Movement to end resolution

“We decided we needed to create a grassroots movement to respond to what was coming our way,” she said. “A group of students created Unify Texas with Jewish and non Jewish students as allies and started meeting almost every day.”
Frydberg said members met with alumni networks and with student government members, wrote op-ed pieces and tried to organize a base of students to help defeat the resolution.
“We had a core team of 10 and an accepted community of 50 people underneath us and the day of the actual voting it was 100 or so students,” Frydberg said.
David Horowitz, founder and CEO of the David Horowitz Freedom Center of Sherman Oaks, California, launched a national campaign against anti-Semitism in February.

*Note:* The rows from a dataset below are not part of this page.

Local Notation normc := ComplexField.Normc.normc.

Section ComplexNorm.
Variable R : realType.
Implicit Types z w : R[i].

Lemma Re_mul z w :
  complex.Re (z * w) = complex.Re z * complex.Re w - complex.Im z * complex.Im w.
Proof. by case: z => a b; case: w. Qed.

Lemma Im_mul z w :
  complex.Im (z * w) = complex.Re z * complex.Im w + complex.Im z * complex.Re w.
Proof. by case: z => a b; case: w. Qed.

Lemma Re_conj z : complex.Re z^*%C = complex.Re z.
Proof. by case: z. Qed.

Lemma Im_conj z : complex.Im z^*%C = - complex.Im z.
Proof. by case: z. Qed.

Lemma cnorm2_ge0 z : 0 <= cnorm2 z.
Proof. by rewrite addr_ge0 ?sqr_ge0. Qed.

Lemma cnorm20 : cnorm2 (0 : R[i]) = 0.
Proof. by rewrite /cnorm2 /= expr0n addr0. Qed.

Lemma cnorm21 : cnorm2 (1 : R[i]) = 1.
Proof. by rewrite /cnorm2 /= expr1n expr0n addr0. Qed.

Lemma cnorm2E z : cnorm2 z = normc z ^+ 2.
Proof. by case: z => a b; rewrite sqr_sqrtr ?addr_ge0 ?sqr_ge0. Qed.

Lemma cnorm2M z w : cnorm2 (z * w) = cnorm2 z * cnorm2 w.
Proof. by rewrite !cnorm2E ComplexField.Normc.normcM exprMn. Qed.

Lemma Re_mulJ z : complex.Re (z * z^*)%C = cnorm2 z.
Proof. by case: z => a b; rewrite /cnorm2 /=; ring. Qed.

Lemma cnorm2_subZ z w (t : R) :
  cnorm2 (z - t%:C%C * w) =
  cnorm2 z - 2 * t * complex.Re (z * w^*)%C + t ^+ 2 * cnorm2 w.
Proof. by case: z => a b; case: w => c d; rewrite /cnorm2 /=; ring. Qed.

Lemma cnorm2D_le z w : cnorm2 (z + w) <= 2 * (cnorm2 z + cnorm2 w).
Proof.
case: z => a b; case: w => c d; rewrite /cnorm2 /=.
by have := sqr_ge0 (a - c); have := sqr_ge0 (b - d); nra.
Qed.

Lemma normr_Re_mulJ_le z w : `|complex.Re (z * w^*)%C| <= cnorm2 z + cnorm2 w.
Proof.
case: z => a b; case: w => c d; rewrite /cnorm2 /= ler_norml.
have := sqr_ge0 (a - c); have := sqr_ge0 (b - d).
have := sqr_ge0 (a + c); have := sqr_ge0 (b + d).
move=> *; apply/andP; split; nra.
Qed.

Lemma normr_Im_mulJ_le z w : `|complex.Im (z * w^*)%C| <= cnorm2 z + cnorm2 w.
Proof.
case: z => a b; case: w => c d; rewrite /cnorm2 /= ler_norml.
have := sqr_ge0 (a - d); have := sqr_ge0 (b - c).
have := sqr_ge0 (a + d); have := sqr_ge0 (b + c).
move=> *; apply/andP; split; nra.
Qed.

Lemma normc_sum_mul_le I (r : seq I) (P : pred I) (a b : I -> R[i]) :
  normc (\sum_(i <- r | P i) a i * b i) <= \sum_(i <- r | P i) normc (a i) * normc (b i).
Proof.
elim/big_rec2: _ => [|i y1 y2 _ IH]; first by rewrite ComplexField.Normc.normc0.
by rewrite (le_trans (le_normcD _ _)) // ComplexField.Normc.normcM lerD2l.
Qed.

End ComplexNorm.

Lemma discriminant_le (R : realFieldType) (a b c : R) : 0 <= a ->
  (forall t, 0 <= a * t ^+ 2 - 2 * b * t + c) -> b ^+ 2 <= a * c.
Proof.
move=> a_ge0 quad_ge0; have [a0|a_neq0] := eqVneq a 0.
  rewrite a0 mul0r; have [->|b_neq0] := eqVneq b 0; first by rewrite expr0n.
  have := quad_ge0 ((c + 1) / (2 * b)); rewrite a0.
  have -> : 0 * ((c + 1) / (2 * b)) ^+ 2 - 2 * b * ((c + 1) / (2 * b)) + c = - 1.
    by field; rewrite b_neq0.
  by rewrite oppr_ge0 ler10.
have a_gt0 : 0 < a by rewrite lt0r a_neq0.
have := quad_ge0 (b / a).
have -> : a * (b / a) ^+ 2 - 2 * b * (b / a) + c = c - b ^+ 2 / a by field.
by rewrite subr_ge0 ler_pdivrMr // mulrC.
Qed.

Lemma ler_sqrtM_of_sqr (R : rcfType) (x k h s : R) :
  0 <= x -> 0 <= k -> 0 <= h -> 0 <= s -> x ^+ 2 <= k * (h * s ^+ 2) ->
  x <= Num.sqrt k * Num.sqrt h * s.
Proof.
move=> x_ge0 k_ge0 h_ge0 s_ge0 sqr_le.
rewrite -ler_sqr ?nnegrE ?mulr_ge0 ?sqrtr_ge0 //.
by rewrite 2!exprMn !sqr_sqrtr // -mulrA.
Qed.

Lemma weighted_Cauchy_Schwarz (R : realFieldType) I (r : seq I) (P : pred I)
    (x y w : I -> R) : (forall i, P i -> 0 < w i) ->
  (\sum_(i <- r | P i) x i * y i) ^+ 2 <=
  (\sum_(i <- r | P i) x i ^+ 2 * w i) * \sum_(i <- r | P i) y i ^+ 2 / w i.
Proof.
move=> w_gt0; apply: discriminant_le => [|t].
  by apply: sumr_ge0 => i /w_gt0/ltW wi_ge0; rewrite mulr_ge0 ?sqr_ge0.
have -> : (\sum_(i <- r | P i) x i ^+ 2 * w i) * t ^+ 2
    - 2 * (\sum_(i <- r | P i) x i * y i) * t + \sum_(i <- r | P i) y i ^+ 2 / w i
  = \sum_(i <- r | P i) w i * (t * x i - y i / w i) ^+ 2.
  rewrite -mulrA !mulr_suml mulr_sumr -sumrN -!big_split /=.
  by apply: eq_bigr => i /w_gt0 /lt0r_neq0 wi_neq0; field.
by apply: sumr_ge0 => i /w_gt0/ltW wi_ge0; rewrite mulr_ge0 ?sqr_ge0.
Qed.

Lemma cnorm2_sum_mul_le (R : realType) I (r : seq I) (P : pred I) (a b : I -> R[i])
    (w : I -> R) : (forall i, P i -> 0 < w i) ->
  cnorm2 (\sum_(i <- r | P i) a i * b i) <=
  (\sum_(i <- r | P i) cnorm2 (a i) * w i) * \sum_(i <- r | P i) cnorm2 (b i) / w i.
Proof.
move=> w_gt0; rewrite cnorm2E.
rewrite (eq_bigr (fun i => normc (a i) ^+ 2 * w i)) => [|i _]; last by rewrite (cnorm2E (a i)).
rewrite [X in _ * X](eq_bigr (fun i => normc (b i) ^+ 2 / w i)) => [|i _]; last by rewrite (cnorm2E (b i)).
apply: le_trans
  (weighted_Cauchy_Schwarz r (fun i => normc (a i)) (fun i => normc (b i)) w_gt0).
rewrite lerXn2r ?nnegrE ?normc_sum_mul_le //.
  by case: (\sum_(i <- r | P i) a i * b i) => u v; apply: sqrtr_ge0.
by apply: sumr_ge0 => i _; rewrite mulr_ge0 //; [case: (a i) | case: (b i)] => u v; apply: sqrtr_ge0.
Qed.

Section NonnegSeries.
Variables (R : realType) (u : R ^nat).
Hypothesis u_ge0 : forall k, 0 <= u k.

Lemma nondecreasing_series_ge0 : nondecreasing_seq (series u).
Proof. by apply/nondecreasing_seqP => k; rewrite seriesSr lerDl. Qed.

Lemma series_le_limn : cvgn (series u) -> forall N, series u N <= limn (series u).
Proof. exact: nondecreasing_cvgn_le nondecreasing_series_ge0. Qed.

Lemma limn_series_ge0 : cvgn (series u) -> 0 <= limn (series u).
Proof. by move/series_le_limn/(_ 0%N); rewrite /series /= big_geq. Qed.

Lemma bounded_series_cvgn (C : R) : (forall N, series u N <= C) ->
  cvgn (series u) /\ limn (series u) <= C.
Proof.
move=> le_C; have cvg_u : cvgn (series u).
  by apply: nondecreasing_is_cvgn nondecreasing_series_ge0 _; exists C => _ [N _ <-].
by split => //; apply: limr_le => //; apply: nearW.
Qed.

Lemma sum_ord_le_limn (Q : pred nat) N : cvgn (series u) ->
  \sum_(k < N | Q k) u k <= limn (series u).
Proof.
move=> cvg_u; apply: le_trans (series_le_limn cvg_u N).
rewrite seriesEord /= [leRHS](bigID (fun k : 'I_N => Q k)) /= lerDl.
by apply: sumr_ge0.
Qed.

End NonnegSeries.

Section L2Space.
Variables (R : realType) (M : ptopologicalType) (mu : probability (Borel M) R).
Implicit Types (u v w : M -> R[i]) (g h : M -> R).

Definition measurableR h := measurable_fun [set: Borel M] (h : Borel M -> R).
Definition integrableR h := mu.-integrable [set: Borel M] (fun x => (h x)%:E).
Definition cmeasurable u :=
  measurableR (fun x => complex.Re (u x)) /\ measurableR (fun x => complex.Im (u x)).

Lemma continuous_measurableR h : continuous h -> measurableR h.
Proof.
move=> /continuousP h_cont; apply: (measurability _ (RGenOpens.measurableE R)).
move=> _ [_ [a [b ->] <-]]; rewrite setTI; apply: sub_sigma_algebra.
exact/h_cont/interval_open.
Qed.

Lemma cmeasurableD u v : cmeasurable u -> cmeasurable v -> cmeasurable (u \+ v).
Proof.
move=> [uRe uIm] [vRe vIm]; split; rewrite /measurableR.
  by under eq_fun do rewrite raddfD; exact: measurable_funD.
by under eq_fun do rewrite raddfD; exact: measurable_funD.
Qed.

Lemma cmeasurableM u v : cmeasurable u -> cmeasurable v -> cmeasurable (u \* v).
Proof.
move=> [uRe uIm] [vRe vIm]; split; rewrite /measurableR.
  under eq_fun do rewrite Re_mul.
  by apply: measurable_funB; apply: measurable_funM.
under eq_fun do rewrite Im_mul.
by apply: measurable_funD; apply: measurable_funM.
Qed.

Lemma cmeasurableJ u : cmeasurable u -> cmeasurable (fun x => (u x)^*)%C.
Proof.
move=> [uRe uIm]; split; rewrite /measurableR.
  by under eq_fun do rewrite Re_conj.
by under eq_fun do rewrite Im_conj; exact: measurable_funN.
Qed.

Lemma cmeasurable_cst c : cmeasurable (fun _ => c).
Proof. by split; exact: measurable_cst. Qed.

Lemma measurableR_cnorm2 u : cmeasurable u -> measurableR (fun x => cnorm2 (u x)).
Proof. by move=> [uRe uIm]; apply: measurable_funD; apply: measurable_funX. Qed.

Lemma integrableR_le g h :
  measurableR h -> integrableR g -> (forall x, `|h x| <= g x) -> integrableR h.
Proof.
move=> h_meas g_int h_le; apply: le_integrable g_int => //=.
  exact/measurable_EFinP.
by move=> x _ /=; rewrite lee_fin (le_trans (h_le x)) // ler_norm.
Qed.

Lemma integrableR_cst (c : R) : integrableR (fun _ => c).
Proof. exact: (finite_measure_integrable_cst mu c measurableT). Qed.

Lemma integrableRD g h : integrableR g -> integrableR h -> integrableR (g \+ h).
Proof. by move=> g_int h_int; apply: eq_integrable (integrableD _ g_int h_int). Qed.

Lemma integrableRZ (c : R) h : integrableR h -> integrableR (fun x => c * h x).
Proof. by move=> h_int; apply: eq_integrable (integrableZl _ c h_int). Qed.

(* [fine +oo = 0], so a nonzero value of [Rintegral] certifies integrability. *)
Lemma integrableR_Rintegral_neq0 h : measurableR h -> (forall x, 0 <= h x) ->
  Rintegral mu setT h != 0 -> integrableR h.
Proof.
move=> h_meas h_ge0 int_neq0; apply/integrableP; split; first exact/measurable_EFinP.
rewrite ltey; apply: contra int_neq0 => /eqP int_oo; apply/eqP.
rewrite /Rintegral (eq_integral (fun x : Borel M => `|(h x)%:E|)%E) ?int_oo // => x _.
by rewrite gee0_abs // lee_fin.
Qed.

Lemma L2P u : L2 mu u <-> cmeasurable u /\ integrableR (fun x => cnorm2 (u x)).
Proof. by split => [[? ? ?]|[[? ?] ?]]. Qed.

Lemma L2_cst c : L2 mu (fun _ => c).
Proof. by apply/L2P; split; [exact: cmeasurable_cst | exact: integrableR_cst]. Qed.

Lemma L2D u v : L2 mu u -> L2 mu v -> L2 mu (u \+ v).
Proof.
move=> /L2P[u_meas u_int] /L2P[v_meas v_int]; apply/L2P; split.
  exact: cmeasurableD.
apply: (integrableR_le (g := fun x => 2 * (cnorm2 (u x) + cnorm2 (v x)))).
- exact: measurableR_cnorm2 (cmeasurableD u_meas v_meas).
- exact: integrableRZ (integrableRD u_int v_int).
- by move=> x; rewrite ger0_norm ?cnorm2_ge0 ?cnorm2D_le.
Qed.

Lemma L2Z c u : L2 mu u -> L2 mu (fun x => c * u x).
Proof.
move=> /L2P[u_meas u_int]; apply/L2P; split.
  exact: (cmeasurableM (cmeasurable_cst c)).
by under eq_fun do rewrite cnorm2M; exact: integrableRZ.
Qed.

Lemma L2B u v : L2 mu u -> L2 mu v -> L2 mu (fun x => u x - v x).
Proof.
move=> u_L2 v_L2; have -> : (fun x => u x - v x) = u \+ (fun x => -1 * v x).
  by apply: funext => x /=; rewrite mulN1r.
exact: L2D u_L2 (L2Z (-1) v_L2).
Qed.

Lemma L2_sum I (r : seq I) (P : pred I) (F : I -> M -> R[i]) :
  (forall i, L2 mu (F i)) -> L2 mu (fun x => \sum_(i <- r | P i) F i x).
Proof.
move=> F_L2; elim: r => [|i r IH].
  by under eq_fun do rewrite big_nil; exact: L2_cst.
under eq_fun do rewrite big_cons; case: (P i) => //.
exact: L2D.
Qed.

Definition cintegrable u :=
  integrableR (fun x => complex.Re (u x)) /\ integrableR (fun x => complex.Im (u x)).

Definition cintegral u : R[i] :=
  (Rintegral mu setT (fun x => complex.Re (u x)) +i*
   Rintegral mu setT (fun x => complex.Im (u x)))%C.

Lemma L2_cintegrable_mulJ u v : L2 mu u -> L2 mu v ->
  cintegrable (fun x => u x * (v x)^*)%C.
Proof.
move=> /L2P[u_meas u_int] /L2P[v_meas v_int].
have [mRe mIm] := cmeasurableM u_meas (cmeasurableJ v_meas).
have uv_int := integrableRD u_int v_int.
split; apply: (integrableR_le _ uv_int) => // x.
  exact: normr_Re_mulJ_le.
exact: normr_Im_mulJ_le.
Qed.

Lemma cintegralD u v : cintegrable u -> cintegrable v ->
  cintegral (u \+ v) = cintegral u + cintegral v.
Proof.
move=> [uRe uIm] [vRe vIm]; rewrite /cintegral.
under eq_Rintegral do rewrite raddfD.
under [X in (_ +i* X)%C]eq_Rintegral do rewrite raddfD.
by rewrite !RintegralD.
Qed.

Lemma cintegralZ c u : cintegrable u ->
  cintegral (fun x => c * u x) = c * cintegral u.
Proof.
move=> [uRe uIm]; rewrite /cintegral.
under eq_Rintegral do rewrite Re_mul.
under [X in (_ +i* X)%C]eq_Rintegral do rewrite Im_mul.
rewrite RintegralB ?RintegralD ?RintegralZl //; try exact: integrableRZ.
by case: c => a b; apply/eqP; rewrite eq_complex /= !eqxx.
Qed.

Lemma cintegralJ u : cintegrable u -> cintegral (fun x => (u x)^*)%C = (cintegral u)^*%C.
Proof.
move=> [uRe uIm]; rewrite /cintegral.
under eq_Rintegral do rewrite Re_conj.
under [X in (_ +i* X)%C]eq_Rintegral do rewrite Im_conj.
congr (_ +i* _)%C; rewrite -mulN1r -RintegralZl //.
by apply: eq_Rintegral => x _; rewrite mulN1r.
Qed.

Lemma innerE u v : inner mu u v = cintegral (fun x => u x * (v x)^*)%C.
Proof. by []. Qed.

Lemma innerDl u v w : L2 mu u -> L2 mu v -> L2 mu w ->
  inner mu (u \+ v) w = inner mu u w + inner mu v w.
Proof.
move=> u_L2 v_L2 w_L2; rewrite !innerE -cintegralD; try exact: L2_cintegrable_mulJ.
by congr cintegral; apply: funext => x /=; rewrite mulrDl.
Qed.

Lemma innerZl c u w : L2 mu u -> L2 mu w ->
  inner mu (fun x => c * u x) w = c * inner mu u w.
Proof.
move=> u_L2 w_L2; rewrite !innerE -cintegralZ; last exact: L2_cintegrable_mulJ.
by congr cintegral; apply: funext => x; rewrite mulrA.
Qed.

Lemma inner_conj u w : L2 mu u -> L2 mu w -> inner mu u w = (inner mu w u)^*%C.
Proof.
move=> u_L2 w_L2; rewrite !innerE -cintegralJ; last exact: L2_cintegrable_mulJ.
congr cintegral; apply: funext => x.
by case: (u x) => a b; case: (w x) => c d; congr (_ +i* _)%C; ring.
Qed.

Lemma inner0l w : inner mu (fun _ => 0) w = 0.
Proof.
rewrite innerE /cintegral.
under eq_Rintegral do rewrite mul0r.
under [X in (_ +i* X)%C]eq_Rintegral do rewrite mul0r.
by rewrite /= Rintegral_cst // mul0r.
Qed.

Lemma inner_suml I (r : seq I) (P : pred I) (c : I -> R[i]) (F : I -> M -> R[i]) w :
  (forall i, L2 mu (F i)) -> L2 mu w ->
  inner mu (fun x => \sum_(i <- r | P i) c i * F i x) w =
  \sum_(i <- r | P i) c i * inner mu (F i) w.
Proof.
move=> F_L2 w_L2; elim: r => [|i r IH].
  by under eq_fun do rewrite big_nil; rewrite big_nil inner0l.
under eq_fun do rewrite big_cons; rewrite big_cons; case: (P i) => //.
rewrite (innerDl (u := fun x => c i * F i x)) ?innerZl ?IH //.
- exact: L2Z.
- by apply: L2_sum => j; exact: L2Z.
Qed.

Lemma norm2_ge0 u : 0 <= norm2 mu u.
Proof. exact: sqrtr_ge0. Qed.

Titled “Jew Hatred on Campus,” the campaign identified the top 10 most anti-Semitic campuses, and is working to push university administration to take action against the growing dangers for Jewish and pro-Israel students.
Horowitz goes as far as to claim BDS is an economic warfare arm of Hamas, and is designed to serve its goal of obliterating the state of Israel and creating a second Holocaust in the Middle East.
“I’m all for positive developments,” he said. “But the cause of the epidemic of anti-Semitism on college campuses is the propaganda campaigns carried out by two Muslim Brotherhood fronts — Students for Justice in Palestine and the Muslim Students Association.
“Until university support and funding are withdrawn from these groups, campus anti-Semitism will continue to increase and no positive events or PR statements by university officials will have much impact on this.”